Vortrag: Marc Kupietz (07.02.2024)

Im Rahmen des Oberseminars Computerlinguistik findet am 07.02.2024 ein Vortrag statt, zu dem wir herzlich einladen möchten.



Dr. Marc Kupietz (Leibniz-Institut für Deutsche Sprache, Mannheim)



Mittwoch, 07.02.2024, 16:15-17:45 Uhr



Bismarckstr. 12, R.0.320 (in Präsenz) / auch via Zoom (Link folgt über uniinterne Verteiler, externe Anmeldungen gerne über info@linguistik.uni-erlangen.de!)

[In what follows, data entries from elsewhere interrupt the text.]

(* Let $G$ be a symmetric diagonal game. Then the Rawlsian equilibria, Bentham-Hars\'anyi equilibria, best-off equilibria, Rawlsian percentile equilibria and aspiration equilibria of $G$ each coincide with the convex combinations (probability distributions) of pure Kantian equilibria of $G$.
   Context: All $n$ players have the same finite action set $A$. The game is symmetric if for every player $i$, every pure profile $(x_1,\ldots,x_n)$ and every permutation $\sigma$ of $\{1,\ldots,n\}$, $u_{\sigma(i)}(x_1,\ldots,x_n)=u_i(x_{\sigma(1)},\ldots,x_{\sigma(n)})$. The diagonal is the set of profiles $(a,\ldots,a)$. For vectors, $x$ dominates $y$ if $x_j\ge y_j$ for all $j$, strictly if some inequality is strict; profiles and distributions are compared via their vectors of (expected) player utilities. The game is diagonal if every pure profile is Pareto dominated by some diagonal profile. A pure Kantian equilibrium is a diagonal profile $(a,\ldots,a)$ with $u_i(a,\ldots,a)\ge u_i(b,\ldots,b)$ for every player $i$ and every $b\in A$. A pure profile is Pareto optimal if no pure profile strictly dominates it. The equilibria are probability distributions over pure profiles: Rawlsian: supported on Pareto optimal profiles, maximizing the minimum expected utility over players, and strictly dominated by no other distribution with this property. Bentham-Hars\'anyi: supported on Pareto optimal profiles, maximizing the sum of expected payoffs. Best-off: supported on Pareto optimal profiles, maximizing the largest expected payoff, strictly dominated by no distribution with this property. The percentile index of a pure profile $a$ for player $i$ is the percentage of Pareto optimal profiles giving $i$ a strictly better payoff than $a$; Rawlsian percentile: supported on Pareto optimal profiles, minimizing the largest expected percentile index, strictly dominated by no distribution with this property. The natural expectation point of player $i$ is the median of its payoffs over undominated pure profiles (average of the two medians if there are two); $i$ is happy in $a$ if $u_i(a)$ is at least this point, unhappy otherwise; aspiration equilibrium: a distribution minimizing the largest probability of unhappiness among players, strictly dominated by no distribution with this property. *)

From HB Require Import structures.
From mathcomp Require Import all_boot all_order all_algebra all_fingroup.
Set Implicit Arguments. Unset Strict Implicit. Unset Printing Implicit Defensive.
Import Order.TTheory GRing.Theory Num.Theory.
Local Open Scope ring_scope.

(* Minimum / maximum of a family indexed by 'I_m (value 0 if m = 0; the
   theorem assumes at least one player). *)
Definition minI (R : realDomainType) (m : nat) : ('I_m -> R) -> R :=
  match m return ('I_m -> R) -> R with
  | 0 => fun _ => 0
  | k.+1 => fun f => \big[Num.min/ f ord0]_(i < k.+1) f i
  end.
Definition maxI (R : realDomainType) (m : nat) : ('I_m -> R) -> R :=
  match m return ('I_m -> R) -> R with
  | 0 => fun _ => 0
  | k.+1 => fun f => \big[Num.max/ f ord0]_(i < k.+1) f i
  end.

Definition median (R : realFieldType) (s : seq R) : R :=
  let t := sort <=%R s in
  let m := size t in
  if odd m then nth 0 t m./2
  else (nth 0 t m./2.-1 + nth 0 t m./2) / 2%:R.

Definition profile (n : nat) (A : finType) := {ffun 'I_n -> A}.

Section Game.
Variables (R : realFieldType) (n : nat) (A : finType).
Variable u : 'I_n -> profile n A -> R.

Definition distr := {ffun profile n A -> R}.

Definition dominates (x y : 'I_n -> R) : bool := [forall j, y j <= x j].
Definition sdominates (x y : 'I_n -> R) : bool :=
  dominates x y && [exists j, y j < x j].

Definition uvec (x : profile n A) : 'I_n -> R := fun i => u i x.

Definition symmetric_game : Prop :=
  forall (i : 'I_n) (x : profile n A) (s : {perm 'I_n}),
    u (s i) x = u i [ffun j => x (s j)].

Definition diag (a : A) : profile n A := [ffun => a].

Definition diagonal_game : Prop :=
  forall x : profile n A, exists a : A, dominates (uvec (diag a)) (uvec x).

Definition kantian (a : A) : Prop :=
  forall (i : 'I_n) (b : A), u i (diag b) <= u i (diag a).

Definition pareto_optimal (x : profile n A) : bool :=
  [forall y : profile n A, ~~ sdominates (uvec y) (uvec x)].

Definition distribution (p : distr) : Prop :=
  (forall x, 0 <= p x) /\ \sum_x p x = 1.

Definition supported_on (P : profile n A -> Prop) (p : distr) : Prop :=
  forall x, p x != 0 -> P x.

Definition EU (p : distr) : 'I_n -> R := fun i => \sum_x p x * u i x.

Definition feasPO (p : distr) : Prop :=
  distribution p /\ supported_on (fun x => pareto_optimal x) p.

Definition maximizer (F : distr -> Prop) (c : distr -> R) (p : distr) : Prop :=
  F p /\ forall q, F q -> c q <= c p.
Definition minimizer (F : distr -> Prop) (c : distr -> R) (p : distr) : Prop :=
  F p /\ forall q, F q -> c p <= c q.

Definition undominated_in (F : distr -> Prop) (p : distr) : Prop :=
  ~ exists q, F q /\ sdominates (EU q) (EU p).

Definition rawlsian (p : distr) : Prop :=
  let F := maximizer feasPO (fun q => minI (EU q)) in F p /\ undominated_in F p.

Definition bentham_harsanyi (p : distr) : Prop :=
  maximizer feasPO (fun q => \sum_i EU q i) p.

Definition best_off (p : distr) : Prop :=
  let F := maximizer feasPO (fun q => maxI (EU q)) in F p /\ undominated_in F p.

Definition percentile (i : 'I_n) (x : profile n A) : R :=
  100%:R * #|[set y | pareto_optimal y & u i x < u i y]|%:R
    / #|[set y | pareto_optimal y]|%:R.

Definition EPerc (p : distr) : 'I_n -> R :=
  fun i => \sum_x p x * percentile i x.

Definition rawlsian_percentile (p : distr) : Prop :=
  let F := minimizer feasPO (fun q => maxI (EPerc q)) in F p /\ undominated_in F p.

(* natural expectation point: median of i's payoffs over undominated
   (Pareto optimal) pure profiles, counted with multiplicity *)
Definition nat_expectation (i : 'I_n) : R :=
  median [seq u i x | x <- enum [pred x | pareto_optimal x]].

Definition happy (i : 'I_n) (x : profile n A) : bool := nat_expectation i <= u i x.

Definition Punhappy (p : distr) : 'I_n -> R :=
  fun i => \sum_(x | ~~ happy i x) p x.

Definition aspiration (p : distr) : Prop :=
  let F := minimizer distribution (fun q => maxI (Punhappy q)) in
  F p /\ undominated_in F p.

Definition kantian_combination (p : distr) : Prop :=
  distribution p /\ supported_on (fun x => exists a, x = diag a /\ kantian a) p.

(* The class E of equilibria coincides with the convex combinations of pure
   Kantian equilibria, distributions being identified via their vectors of
   expected utilities: every Kantian combination is in E, and every member of E
   has the same expected-utility vector as some Kantian combination. *)
Definition coincides_with_kantian (E : distr -> Prop) : Prop :=
  (forall p, kantian_combination p -> E p) /\
  (forall p, E p -> exists q, kantian_combination q /\ forall i, EU p i = EU q i).

End Game.

From mathcomp Require Import all_boot all_order all_algebra all_fingroup.
Set Implicit Arguments. Unset Strict Implicit. Unset Printing Implicit Defensive.
Import Order.TTheory GRing.Theory Num.Theory.
Local Open Scope ring_scope.

(* In a symmetric game all players receive the same payoff at a diagonal
   profile, so there is a best diagonal payoff [vstar], attained at a pure
   Kantian equilibrium, and the Kantian equilibria are exactly the actions
   whose diagonal profile pays [vstar].  Diagonality bounds every payoff of
   every profile by [vstar]; hence the Pareto optimal profiles are exactly
   those paying [vstar] to everybody.  Consequently every distribution
   supported on Pareto optimal profiles, in particular every convex
   combination of Kantian equilibria, gives every player the expected utility
   [vstar]: all the optimisation criteria are constant on this class, and no
   member of it strictly dominates another.  For aspiration equilibria,
   [vstar] is also the natural expectation point, so being happy means
   getting [vstar], and Kantian combinations make nobody unhappy. *)

Lemma le_maxI (R : realDomainType) m (f : 'I_m -> R) i : f i <= maxI f.
Proof.
case: m f i => [|k] f i; first by case: i.
by rewrite /= (bigD1 i) //= le_max lexx.
Qed.

Lemma maxI_le (R : realDomainType) m (f : 'I_m -> R) c :
  0 <= c -> (forall i, f i <= c) -> maxI f <= c.
Proof.
case: m f => [|k] f c0 fc //=.
by apply: (big_ind (fun y => y <= c)) => // x y xc yc; rewrite ge_max xc yc.
Qed.

Lemma eq_minI (R : realDomainType) m (f g : 'I_m -> R) : f =1 g -> minI f = minI g.
Proof. by case: m f g => [|k] f g fg //=; rewrite fg; apply: eq_bigr. Qed.

Lemma eq_maxI (R : realDomainType) m (f g : 'I_m -> R) : f =1 g -> maxI f = maxI g.
Proof. by case: m f g => [|k] f g fg //=; rewrite fg; apply: eq_bigr. Qed.

Lemma median_const (R : realFieldType) (s : seq R) c :
  s != [::] -> {in s, forall x, x = c} -> median s = c.
Proof.
move=> s_neq0 s_c; rewrite /median; set t := sort _ s.
have t_gt0 : (0 < size t)%N by rewrite size_sort lt0n size_eq0.
have t_c k : (k < size t)%N -> nth 0 t k = c.
  by move=> kt; apply: s_c; rewrite -(mem_sort <=%R) mem_nth.
have half_lt : ((size t)./2 < size t)%N by rewrite -divn2 ltn_Pdiv.
case: ifP => _; first exact: t_c.
rewrite !t_c //; last exact: leq_ltn_trans (leq_pred _) half_lt.
by rewrite -mulr2n -[c *+ 2]mulr_natr mulfK // pnatr_eq0.
Qed.

Lemma weighted_sum_const (R : pzRingType) (T : finType) (q f : T -> R) c :
  \sum_x q x = 1 -> (forall x, q x != 0 -> f x = c) -> \sum_x q x * f x = c.
Proof.
move=> q1 fc; rewrite -[RHS]mul1r -q1 mulr_suml; apply: eq_bigr => x _.
by have [->|/fc ->] := eqVneq (q x) 0; rewrite ?mul0r.
Qed.

Lemma eq_not_sdominates (R : realFieldType) n (x y : 'I_n -> R) :
  x =1 y -> ~~ sdominates x y.
Proof.
by move=> xy; rewrite negb_and; apply/orP; right; apply/existsPn => j; rewrite xy ltxx.
Qed.

Lemma distribution_inhabited (R : realFieldType) n (A : finType) (p : distr R n A) :
  (0 < n)%N -> distribution p -> inhabited A.
Proof.
move=> n_gt0 [_ p1]; have [x _|no_profile] := pickP (@predT (profile n A)).
  exact: inhabits (x (Ordinal n_gt0)).
by move: p1; rewrite big_pred0 // => /eqP; rewrite eq_sym oner_eq0.
Qed.

Section SymmetricDiagonalGame.
Variables (R : realFieldType) (n : nat) (A : finType).
Variable u : 'I_n -> profile n A -> R.
Hypothesis n_gt0 : (0 < n)%N.
Hypothesis u_sym : symmetric_game u.
Hypothesis u_diag : diagonal_game u.
Variable a0 : A.

Let i0 : 'I_n := Ordinal n_gt0.

Lemma diag_payoff_eq a i j : u i (diag n a) = u j (diag n a).
Proof.
rewrite -[in RHS](tpermL i j) u_sym; congr (u i _).
by apply/ffunP => k; rewrite !ffunE.
Qed.

Definition astar : A := [arg max_(a > a0) u i0 (diag n a)]%O.

Definition vstar : R := u i0 (diag n astar).

Lemma diag_payoff_le_vstar a i : u i (diag n a) <= vstar.
Proof.
rewrite (diag_payoff_eq a i i0) /vstar /astar.
by case: arg_maxP => // b _; apply.
Qed.

Lemma payoff_le_vstar x i : u i x <= vstar.
Proof.
have [a /forallP ax] := u_diag x.
exact: le_trans (ax i) (diag_payoff_le_vstar a i).
Qed.

Lemma diag_astar_vstar i : u i (diag n astar) = vstar.
Proof. exact: diag_payoff_eq. Qed.

Lemma kantian_astar : kantian u astar.
Proof. by move=> i b; rewrite diag_astar_vstar diag_payoff_le_vstar. Qed.

Lemma kantian_payoff a i : kantian u a -> u i (diag n a) = vstar.
Proof.
move=> Ka; apply/le_anti; rewrite diag_payoff_le_vstar -(diag_astar_vstar i).
exact: Ka.
Qed.

Lemma pareto_optimalP x : reflect (forall i, u i x = vstar) (pareto_optimal u x).
Proof.
apply: (iffP forallP) => [PO i | x_vstar y].
  have := PO (diag n astar); rewrite /sdominates negb_and => /orP [/negP []|].
    by apply/forallP => j; rewrite /uvec diag_astar_vstar payoff_le_vstar.
  move/existsPn/(_ i); rewrite /uvec diag_astar_vstar -leNgt => vstar_le.
  by apply/le_anti; rewrite payoff_le_vstar.
rewrite negb_and; apply/orP; right; apply/existsPn => j.
by rewrite /uvec x_vstar -leNgt payoff_le_vstar.
Qed.

Lemma feasPO_EU q i : feasPO u q -> EU u q i = vstar.
Proof.
move=> [[_ q1] PO_supp]; apply: weighted_sum_const => // x /PO_supp.
by move/pareto_optimalP.
Qed.

Lemma kantian_combination_feasPO p : kantian_combination u p -> feasPO u p.
Proof.
move=> [Dp K_supp]; split => // x /K_supp [a [-> Ka]].
by apply/pareto_optimalP => i; apply: kantian_payoff.
Qed.

Definition dirac_astar : distr R n A :=
  [ffun x => if x == diag n astar then 1 else 0].

Lemma kantian_combination_dirac_astar : kantian_combination u dirac_astar.
Proof.
split; first split.
- by move=> x; rewrite ffunE; case: ifP.
- rewrite (bigD1 (diag n astar)) //= ffunE eqxx big1 ?addr0 // => x /negbTE x_neq.
  by rewrite ffunE x_neq.
- move=> x; rewrite ffunE; have [-> _|_] := eqVneq x (diag n astar); last by rewrite eqxx.
  by exists astar; split; last exact: kantian_astar.
Qed.

Lemma coincides_with_kantianW (E : distr R n A -> Prop) :
  (forall p, kantian_combination u p -> E p) ->
  (forall p, E p -> forall i, EU u p i = vstar) ->
  coincides_with_kantian u E.
Proof.
move=> KE E_vstar; split => // p Ep.
exists dirac_astar; split; first exact: kantian_combination_dirac_astar.
move=> i; rewrite E_vstar // feasPO_EU //.
exact/kantian_combination_feasPO/kantian_combination_dirac_astar.
Qed.

Lemma undominated_in_feasPO (F : distr R n A -> Prop) p :
  (forall q, F q -> feasPO u q) -> feasPO u p -> undominated_in u F p.
Proof.
move=> F_PO Fp [q [/F_PO Fq]]; apply/negP/eq_not_sdominates => i.
by rewrite !feasPO_EU.
Qed.

Lemma maximizer_feasPO (c : distr R n A -> R) p :
  (forall q, feasPO u q -> c q = c p) -> feasPO u p -> maximizer (feasPO u) c p.
Proof. by move=> c_const Fp; split=> // q /c_const ->. Qed.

Some Challenges in Corpus Linguistics and IDS Mannheim approaches to tackle them



In recent years, corpus linguistics has become an indispensable aspect of numerous linguistic sub-disciplines, to the point where the term seems almost interchangeable with linguistics itself. Moreover, the increasing availability of digital texts on the internet, coupled with the recent extension of the text and data mining exception in EU copyright law, has rendered creating large linguistic corpora a feasible undertaking. However, despite these upbeat developments, some challenges persist and some new ones may have emerged. In my presentation, I will address some of the methodological challenges, such as how to derive linguistic findings about language domains from corpus findings, how to cope with errors in corpora and annotations, how to utilise language models to derive promising linguistic hypotheses, and how to gain comparative linguistic insights from multilingual corpora. For each of these questions, I will present approaches adopted by the corpus linguistics programme area at the IDS and discuss them specifically with regard to the equally still persistent logistical and economic challenges of feasibility and sustainability.